= Languages Other Than English =

LOTE or Languages Other Than English is a term often used in education for languages besides English in Australian jurisdictions, such as NSW, Queensland, Tasmania, and Victoria; and American jurisdictions, such as California, New York, and Texas. Students who speak languages other than English at home are known as student with Language Backgrounds Other Than English (LBOTE), of which students with English as an Additional Language or Dialect (EAL/D) are a subset, i.e. those needing additional support to access the curriculum and develop the academic English language proficiency required for success in school.

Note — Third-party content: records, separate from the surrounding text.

(* Let $K$ be a field of characteristic $\neq 2$ and let $\mathcal C$ be a 3-dimensional EACP over $K$ (natural basis $\{h_1,h_2,r\}$) with $\dim\mathcal C^2=1$. Then $\mathcal C$ is isomorphic to one of the following pairwise non-isomorphic algebras with basis $\{h_1,h_2,r\}$, in each of which $rh_i=h_ir$ ($i=1,2$) and all products not listed are zero: $\mathcal C_1$: $h_1r=r$; $\mathcal C_2$: $h_1r=h_2$; $\mathcal C_3$: $h_1r=h_1+r$.
   Context: An EACP over a field $K$ (characteristic $\neq 2$) is a $K$-algebra $\mathcal C$ with a basis $\{h_1,\dots,h_n,r\}$ (called a natural basis) whose multiplication is determined by bilinearity from $$h_ir=rh_i=\tfrac12\Big(\sum_{j=1}^n a_{ij}h_j+b_ir\Big),\qquad h_ih_j=0\ (i,j=1,\dots,n),\qquad rr=0,$$ for some constants $a_{ij},b_i\in K$. $\mathcal C^2$ denotes the span of all products $xy$, $x,y\in\mathcal C$. Isomorphism means algebra isomorphism. *)

From HB Require Import structures.
From mathcomp Require Import all_boot all_order all_algebra.
Set Implicit Arguments. Unset Strict Implicit. Unset Printing Implicit Defensive.
Import GRing.Theory.
Local Open Scope ring_scope.

(* A finite-dimensional K-algebra on K^n (row vectors) given by structure
   constants: c i j = e_i * e_j, where e_k is the k-th standard basis vector. *)
Definition strc (K : fieldType) (n : nat) := 'I_n -> 'I_n -> 'rV[K]_n.

Definition ebasis {K : fieldType} {n : nat} (k : 'I_n) : 'rV[K]_n := delta_mx 0 k.

Definition mulS (K : fieldType) (n : nat) (c : strc K n) (u v : 'rV[K]_n) : 'rV[K]_n :=
  \sum_(i < n) \sum_(j < n) (u 0 i * v 0 j) *: c i j.

(* 3-dimensional EACP with natural basis h_1 = e_0, h_2 = e_1, r = e_2
   (the basis vector h_j for j : 'I_2 is e_(lift ord_max j)). *)
Definition eacp_hr (K : fieldType) (a : 'I_2 -> 'I_2 -> K) (b : 'I_2 -> K)
    (i : 'I_2) : 'rV[K]_3 :=
  2^-1 *: (\sum_(j < 2) a i j *: ebasis (lift ord_max j) + b i *: ebasis ord_max).

Definition eacp3 (K : fieldType) (a : 'I_2 -> 'I_2 -> K) (b : 'I_2 -> K) : strc K 3 :=
  fun i j =>
    match unlift ord_max i, unlift ord_max j with
    | Some i', None => eacp_hr a b i'   (* h_i r *)
    | None, Some j' => eacp_hr a b j'   (* r h_j *)
    | _, _ => 0                          (* h_i h_j = 0, r r = 0 *)
    end.

Definition sq_dim1 (K : fieldType) (n : nat) (c : strc K n) : Prop :=
  exists w : 'rV[K]_n, w != 0 /\
    (forall x y, exists k : K, mulS c x y = k *: w) /\
    (exists x y, mulS c x y != 0).

Definition alg_iso (K : fieldType) (n : nat) (c d : strc K n) : Prop :=
  exists f : 'M[K]_n, f \in unitmx /\
    forall x y, mulS d (x *m f) (y *m f) = mulS c x y *m f.

(* the algebra with h_1 r = r h_1 = w (indices: h_1 = 0, h_2 = 1, r = 2),
   all other basis products zero *)
Definition h1r_alg (K : fieldType) (w : 'rV[K]_3) : strc K 3 :=
  fun i j =>
    if ((val i == 0%N) && (val j == 2%N)) || ((val i == 2%N) && (val j == 0%N))
    then w else 0.

Definition h1 (K : fieldType) : 'rV[K]_3 := @ebasis K 3 0.
Definition h2 (K : fieldType) : 'rV[K]_3 := @ebasis K 3 1.
Definition rr (K : fieldType) : 'rV[K]_3 := @ebasis K 3 2.

Definition C1 (K : fieldType) : strc K 3 := h1r_alg (rr K).
Definition C2 (K : fieldType) : strc K 3 := h1r_alg (h2 K).
Definition C3 (K : fieldType) : strc K 3 := h1r_alg (h1 K + rr K).

From HB Require Import structures.
From mathcomp Require Import all_boot all_order all_algebra.
From mathcomp Require Import ring.
Set Implicit Arguments. Unset Strict Implicit. Unset Printing Implicit Defensive.
Import GRing.Theory.
Local Open Scope ring_scope.

(* Every product in an EACP is [B_1(x,y) (h_1 r) + B_2(x,y) (h_2 r)] with
   [B_i(x,y) = x_i y_r + x_r y_i].  If [C^2 = K w], then [h_i r = k_i w], and the
   coordinate change [x_1 |-> k_1 x_1 + k_2 x_2] makes [C] the algebra in which
   [h_1 r = r h_1 = w] is the only nonzero product.  Writing
   [w = p h_1 + q h_2 + s r], a further change of basis normalizes [w] to
   [h_2] (when [p = s = 0]), to [r] (when exactly one of [p], [s] vanishes) or to
   [h_1 + r] (when [p s != 0]).  The three normal forms are told apart by the
   isomorphism invariants [C^2 C = 0] (only [C_2]) and [C^2 C^2 = 0] (not [C_3],
   where [(h_1 r)^2 = 2 (h_1 r)] since [char K != 2]). *)

Definition i0 : 'I_3 := @Ordinal 3 0 isT.
Definition i1 : 'I_3 := @Ordinal 3 1 isT.
Definition i2 : 'I_3 := @Ordinal 3 2 isT.

Lemma ord3P (P : 'I_3 -> Prop) : P i0 -> P i1 -> P i2 -> forall j, P j.
Proof.
move=> P0 P1 P2 [[|[|[|j]]] lt_j3] //.
- by rewrite (_ : Ordinal lt_j3 = i0) //; apply: val_inj.
- by rewrite (_ : Ordinal lt_j3 = i1) //; apply: val_inj.
- by rewrite (_ : Ordinal lt_j3 = i2) //; apply: val_inj.
Qed.

Lemma big_ord3 (V : nmodType) (F : 'I_3 -> V) :
  \sum_(i < 3) F i = F i0 + F i1 + F i2.
Proof.
rewrite !big_ord_recr big_ord0 /= add0r.
by congr (_ + _ + _); congr (F _); apply: val_inj.
Qed.

Lemma mulmx3E (K : fieldType) m n (A : 'M[K]_(m, 3)) (B : 'M[K]_(3, n)) i j :
  (A *m B) i j = A i i0 * B i0 j + A i i1 * B i1 j + A i i2 * B i2 j.
Proof. by rewrite mxE big_ord3. Qed.

Lemma ebasisE (K : fieldType) (k j : 'I_3) :
  (ebasis k : 'rV[K]_3) 0 j = (val j == val k)%:R.
Proof. by rewrite /ebasis mxE eqxx. Qed.

Definition M3 (K : fieldType) (l : seq (seq K)) : 'M[K]_3 :=
  \matrix_(i, j) nth 0 (nth [::] l i) j.

Lemma M3_unit (K : fieldType) (l l' : seq (seq K)) :
  (forall i j, (M3 l *m M3 l') i j = (i == j)%:R) -> M3 l \in unitmx.
Proof.
move=> ll'1; have [] // := @mulmx1_unit _ _ (M3 l) (M3 l').
by apply/matrixP=> i j; rewrite ll'1 mxE.
Qed.

Ltac M3_inverse :=
  let i := fresh "i" in let j := fresh "j" in
  move=> i j; rewrite mulmx3E !mxE; move: i j;
  apply: ord3P; apply: ord3P => /=; field.

Section Isomorphism.

Variables (K : fieldType) (n : nat).
Implicit Types c d e : strc K n.

Lemma alg_iso_trans c d e : alg_iso c d -> alg_iso d e -> alg_iso c e.
Proof.
move=> [f [f_unit fM]] [g [g_unit gM]]; exists (f *m g).
by split=> [|x y]; rewrite ?unitmx_mul ?f_unit // !mulmxA gM fM.
Qed.

Lemma alg_iso_sym c d : alg_iso c d -> alg_iso d c.
Proof.
move=> [f [f_unit fM]]; exists (invmx f); split=> [|x y]; first by rewrite unitmx_inv.
by have := fM (x *m invmx f) (y *m invmx f); rewrite !mulmxKV // => ->; rewrite mulmxK.
Qed.

Definition sqr_mul0 c := forall x y z, mulS c (mulS c x y) z = 0.
Definition sqr_sqr0 c := forall x y u v, mulS c (mulS c x y) (mulS c u v) = 0.

Lemma alg_iso_sqr_mul0 c d : alg_iso c d -> sqr_mul0 c -> sqr_mul0 d.
Proof.
move=> [f [f_unit fM]] c0 x y z.
by rewrite -[x](mulmxKV f_unit) -[y](mulmxKV f_unit) -[z](mulmxKV f_unit)
  !fM c0 mul0mx.
Qed.

Lemma alg_iso_sqr_sqr0 c d : alg_iso c d -> sqr_sqr0 c -> sqr_sqr0 d.
Proof.
move=> [f [f_unit fM]] c0 x y u v.
by rewrite -[x](mulmxKV f_unit) -[y](mulmxKV f_unit) -[u](mulmxKV f_unit)
  -[v](mulmxKV f_unit) !fM c0 mul0mx.
Qed.

End Isomorphism.

Section ThreeDimensional.

Variable K : fieldType.
Implicit Types (w t x y : 'rV[K]_3) (f : 'M[K]_3).

Definition hr_form (i : 'I_3) x y := x 0 i * y 0 i2 + x 0 i2 * y 0 i.

Lemma mulS_h1r_alg w x y : mulS (h1r_alg w) x y = hr_form i0 x y *: w.
Proof. by rewrite /mulS !big_ord3 /h1r_alg /= !scaler0 !addr0 !add0r scalerDl. Qed.

Lemma mulS_eacp3 a b x y :
  mulS (eacp3 a b) x y =
    hr_form i0 x y *: eacp_hr a b ord0 + hr_form i1 x y *: eacp_hr a b ord_max.
Proof.
have unlift0 : unlift (@ord_max 2) i0 = Some (ord0 : 'I_2).
  by rewrite (_ : i0 = lift ord_max ord0) ?liftK //; apply: val_inj.
have unlift1 : unlift (@ord_max 2) i1 = Some (ord_max : 'I_2).
  by rewrite (_ : i1 = lift ord_max ord_max) ?liftK //; apply: val_inj.
have unlift2 : unlift (@ord_max 2) i2 = None.
  by rewrite (_ : i2 = ord_max) ?unlift_none //; apply: val_inj.
rewrite /mulS !big_ord3 /eacp3 unlift0 unlift1 unlift2.
by rewrite !scaler0 !addr0 !add0r !scalerDl addrACA.
Qed.

Lemma alg_iso_h1r_alg (c : strc K 3) (S : 'rV[K]_3 -> 'rV[K]_3 -> K)
    (w t : 'rV[K]_3) f (k : K) :
  f \in unitmx -> (forall x y, mulS c x y = S x y *: w) -> w *m f = k *: t ->
  (forall x y, hr_form i0 (x *m f) (y *m f) = k * S x y) ->
  alg_iso c (h1r_alg t).
Proof.
move=> f_unit cE wf formf; exists f; split=> // x y.
by rewrite mulS_h1r_alg formf cE -scalemxAl wf scalerA mulrC.
Qed.

Lemma mulmx_neq0 w f : f \in unitmx -> w != 0 -> w *m f != 0.
Proof.
move=> f_unit; apply: contra => /eqP wf0; apply/eqP.
by rewrite -(mulmxK f_unit w) wf0 mul0mx.
Qed.

Lemma eacp3_iso_h1r_alg a b :
  sq_dim1 (eacp3 a b) -> exists2 w : 'rV[K]_3, w != 0 & alg_iso (eacp3 a b) (h1r_alg w).
Proof.
case=> w [w_neq0 [on_line [x0 [y0 xy0_neq0]]]].
have [k0 hr0] := on_line (h1 K) (rr K).
have [k1 hr1] := on_line (h2 K) (rr K).
rewrite mulS_eacp3 /hr_form !ebasisE /= in hr0.
rewrite mulS_eacp3 /hr_form !ebasisE /= in hr1.
rewrite !(mul1r, mul0r, mulr0, addr0, add0r, scale1r, scale0r) in hr0 hr1.
have mulE x y : mulS (eacp3 a b) x y =
    (hr_form i0 x y * k0 + hr_form i1 x y * k1) *: w.
  by rewrite mulS_eacp3 hr0 hr1 !scalerA scalerDl.
have [k0_eq0 | k0_neq0] := eqVneq k0 0.
  have k1_neq0 : k1 != 0.
    apply: contraNneq xy0_neq0 => k1_eq0.
    by rewrite mulE k0_eq0 k1_eq0 !mulr0 addr0 scale0r.
  pose f := M3 [:: [:: 0; 1; 0]; [:: k1; 0; 0]; [:: 0; 0; 1]].
  have f_unit : f \in unitmx.
    by apply: (@M3_unit _ _ [:: [:: 0; k1^-1; 0]; [:: 1; 0; 0]; [:: 0; 0; 1]]);
      M3_inverse.
  exists (w *m f); first exact: mulmx_neq0.
  apply: (alg_iso_h1r_alg (k := 1) f_unit mulE); first by rewrite scale1r.
  by move=> x y; rewrite /hr_form !mulmx3E !mxE /= k0_eq0; ring.
pose f := M3 [:: [:: k0; 0; 0]; [:: k1; 1; 0]; [:: 0; 0; 1]].
have f_unit : f \in unitmx.
  by apply: (@M3_unit _ _ [:: [:: k0^-1; 0; 0]; [:: - k1 / k0; 1; 0]; [:: 0; 0; 1]]);
    M3_inverse.
exists (w *m f); first exact: mulmx_neq0.
apply: (alg_iso_h1r_alg (k := 1) f_unit mulE); first by rewrite scale1r.
by move=> x y; rewrite /hr_form !mulmx3E !mxE /=; ring.
Qed.

Lemma h1r_alg_iso_C2 w : w 0 i0 = 0 -> w 0 i2 = 0 -> w 0 i1 != 0 ->
  alg_iso (h1r_alg w) (C2 K).
Proof.
set q := w 0 i1 => p0 s0 q_neq0.
pose f := M3 [:: [:: q; 0; 0]; [:: 0; 1; 0]; [:: 0; 0; 1]].
have f_unit : f \in unitmx.
  by apply: (@M3_unit _ _ [:: [:: q^-1; 0; 0]; [:: 0; 1; 0]; [:: 0; 0; 1]]); M3_inverse.
apply: (alg_iso_h1r_alg (k := q) f_unit (@mulS_h1r_alg w)).
  by apply/rowP; apply: ord3P; rewrite mulmx3E !mxE /= -/q ?p0 ?s0; ring.
by move=> x y; rewrite /hr_form !mulmx3E !mxE /=; ring.
Qed.

Lemma h1r_alg_iso_C1_of_h1 w : w 0 i0 != 0 -> w 0 i2 = 0 ->
  alg_iso (h1r_alg w) (C1 K).
Proof.
set p := w 0 i0; set q := w 0 i1 => p_neq0 s0.
pose f := M3 [:: [:: 0; - q; 1]; [:: 0; p; 0]; [:: p; 0; 0]].
have f_unit : f \in unitmx.
  by apply: (@M3_unit _ _ [:: [:: 0; 0; p^-1]; [:: 0; p^-1; 0]; [:: 1; q / p; 0]]);
    M3_inverse.
apply: (alg_iso_h1r_alg (k := p) f_unit (@mulS_h1r_alg w)).
  by apply/rowP; apply: ord3P; rewrite mulmx3E !mxE /= -/p -/q ?s0; ring.
by move=> x y; rewrite /hr_form !mulmx3E !mxE /=; ring.
Qed.

Lemma h1r_alg_iso_C1_of_r w : w 0 i0 = 0 -> w 0 i2 != 0 ->
  alg_iso (h1r_alg w) (C1 K).
Proof.
set q := w 0 i1; set s := w 0 i2 => p0 s_neq0.
pose f := M3 [:: [:: s; 0; 0]; [:: 0; s; 0]; [:: 0; - q; 1]].
have f_unit : f \in unitmx.
  by apply: (@M3_unit _ _ [:: [:: s^-1; 0; 0]; [:: 0; s^-1; 0]; [:: 0; q / s; 1]]);
    M3_inverse.
apply: (alg_iso_h1r_alg (k := s) f_unit (@mulS_h1r_alg w)).
  by apply/rowP; apply: ord3P; rewrite mulmx3E !mxE /= -/q -/s ?p0; ring.
by move=> x y; rewrite /hr_form !mulmx3E !mxE /=; ring.
Qed.

Lemma h1r_alg_iso_C3 w : w 0 i0 != 0 -> w 0 i2 != 0 ->
  alg_iso (h1r_alg w) (C3 K).
Proof.
set p := w 0 i0; set q := w 0 i1; set s := w 0 i2 => p_neq0 s_neq0.
pose f := M3 [:: [:: s; 0; 0]; [:: 0; s; 0]; [:: 0; - q; p]].
have f_unit : f \in unitmx.
  by apply: (@M3_unit _ _
      [:: [:: s^-1; 0; 0]; [:: 0; s^-1; 0]; [:: 0; q / (s * p); p^-1]]);
    M3_inverse; rewrite ?p_neq0 ?s_neq0.
apply: (alg_iso_h1r_alg (k := s * p) f_unit (@mulS_h1r_alg w)).
  by apply/rowP; apply: ord3P; rewrite mulmx3E !mxE /= -/p -/q -/s; ring.
by move=> x y; rewrite /hr_form !mulmx3E !mxE /=; ring.
Qed.

Lemma h1r_alg_classification w : w != 0 ->
  [\/ alg_iso (h1r_alg w) (C1 K), alg_iso (h1r_alg w) (C2 K)
     | alg_iso (h1r_alg w) (C3 K)].
Proof.
move=> w_neq0.
have [p0 | p_neq0] := eqVneq (w 0 i0) 0; have [s0 | s_neq0] := eqVneq (w 0 i2) 0.
- apply: Or32; apply: h1r_alg_iso_C2 => //.
  apply: contraNneq w_neq0 => q0; apply/eqP/rowP; apply: ord3P; rewrite mxE //.
- by apply: Or31; apply: h1r_alg_iso_C1_of_r.
- by apply: Or31; apply: h1r_alg_iso_C1_of_h1.
- by apply: Or33; apply: h1r_alg_iso_C3.
Qed.

Lemma C2_sqr_mul0 : sqr_mul0 (C2 K).
Proof.
by move=> x y z; rewrite /C2 !mulS_h1r_alg /hr_form !mxE /= !mulr0 !mul0r addr0 scale0r.
Qed.

Lemma C1_sqr_sqr0 : sqr_sqr0 (C1 K).
Proof.
move=> x y u v; rewrite /C1 !mulS_h1r_alg /hr_form !mxE /=.
by rewrite !(mulr0, mul0r, addr0) scale0r.
Qed.

Lemma C1_not_sqr_mul0 : ~ sqr_mul0 (C1 K).
Proof.
move=> /(_ (h1 K) (rr K) (h1 K)) /rowP /(_ i2).
by rewrite /C1 !mulS_h1r_alg /hr_form !mxE /= !(mulr0, mul0r, mulr1, mul1r, addr0, add0r);
  apply/eqP; rewrite oner_eq0.
Qed.

Lemma C3_not_sqr_mul0 : ~ sqr_mul0 (C3 K).
Proof.
move=> /(_ (h1 K) (rr K) (rr K)) /rowP /(_ i0).
by rewrite /C3 !mulS_h1r_alg /hr_form !mxE /= !(mulr0, mul0r, mulr1, mul1r, addr0, add0r);
  apply/eqP; rewrite oner_eq0.
Qed.

Lemma C3_not_sqr_sqr0 : 2%N \notin [pchar K] -> ~ sqr_sqr0 (C3 K).
Proof.
move=> char2 /(_ (h1 K) (rr K) (h1 K) (rr K)) /rowP /(_ i0).
rewrite /C3 !mulS_h1r_alg /hr_form !mxE /= !(mulr0, mul0r, mulr1, mul1r, addr0, add0r).
by apply/eqP; move: char2; rewrite inE /= mulr2n.
Qed.

End ThreeDimensional.

Theorem mainTheorem14 (K : fieldType) (a : 'I_2 -> 'I_2 -> K) (b : 'I_2 -> K) :
  2%N \notin [pchar K] ->
  sq_dim1 (eacp3 a b) ->
  (alg_iso (eacp3 a b) (C1 K) \/ alg_iso (eacp3 a b) (C2 K) \/
   alg_iso (eacp3 a b) (C3 K)) /\
  ~ alg_iso (C1 K) (C2 K) /\ ~ alg_iso (C1 K) (C3 K) /\ ~ alg_iso (C2 K) (C3 K).
Proof.
move=> char2 sq1; split; last split; last split.
- have [w w_neq0 iso_w] := eacp3_iso_h1r_alg sq1.
  by case: (h1r_alg_classification w_neq0) => iso_C;
    [left | right; left | right; right]; apply: alg_iso_trans iso_C.
- by move/alg_iso_sym/alg_iso_sqr_mul0/(_ (@C2_sqr_mul0 K)); apply: C1_not_sqr_mul0.
- by move/alg_iso_sqr_sqr0/(_ (@C1_sqr_sqr0 K)); apply: C3_not_sqr_sqr0.
- by move/alg_iso_sqr_mul0/(_ (@C2_sqr_mul0 K)); apply: C3_not_sqr_mul0.
Qed.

The name evolved from 'heritage language', a term first used to refer to languages other than French and English in Canada. The term was later modified in relation to the Australian context to refer to languages other than English. US researchers and policy-makers adopted this adapted Australian version in subsequent years. LOTEs have often historically been related to the policy of multiculturalism, and tend to reflect the predominant non-English languages spoken in a school's local area.

== Heritage languages ==

=== LOTE acquisition ===
The home environment plays a significant role for acquisition of multilingualism in early childhood development. In a study, researchers found a positive relationship between parents who valued and spent time developing their child's literacy skills and their child's language proficiency. Parents who expose their child to libraries, picture books, reading aloud, storytelling, playing games, and rhymes improved literary and language skills. Such environmental factors impact progression of home languages. Lexical development, the changes in vocabulary over childhood, is a key area for bilingualism. Lexical acquisition holds two major components: the amount and context of language input and the application of this input.

=== LOTE maintenance ===
The maintenance of a second, minority language is greatly impacted by parental language input patterns at home. Often, children in bilingual circumstances will prioritize the majority language, English in this case, while the minority language varies according to households. One study suggest that the likelihood of bilingual maintenance can be increased if the majority language is restricted at home. This could come in the form of one parent speaking one language. This would improve the minority language input. Another study found that the female caregiver has the most influence on a child's communication at home. They saw that if the female primarily used a LOTE, then the child's minority language proficiency was greater.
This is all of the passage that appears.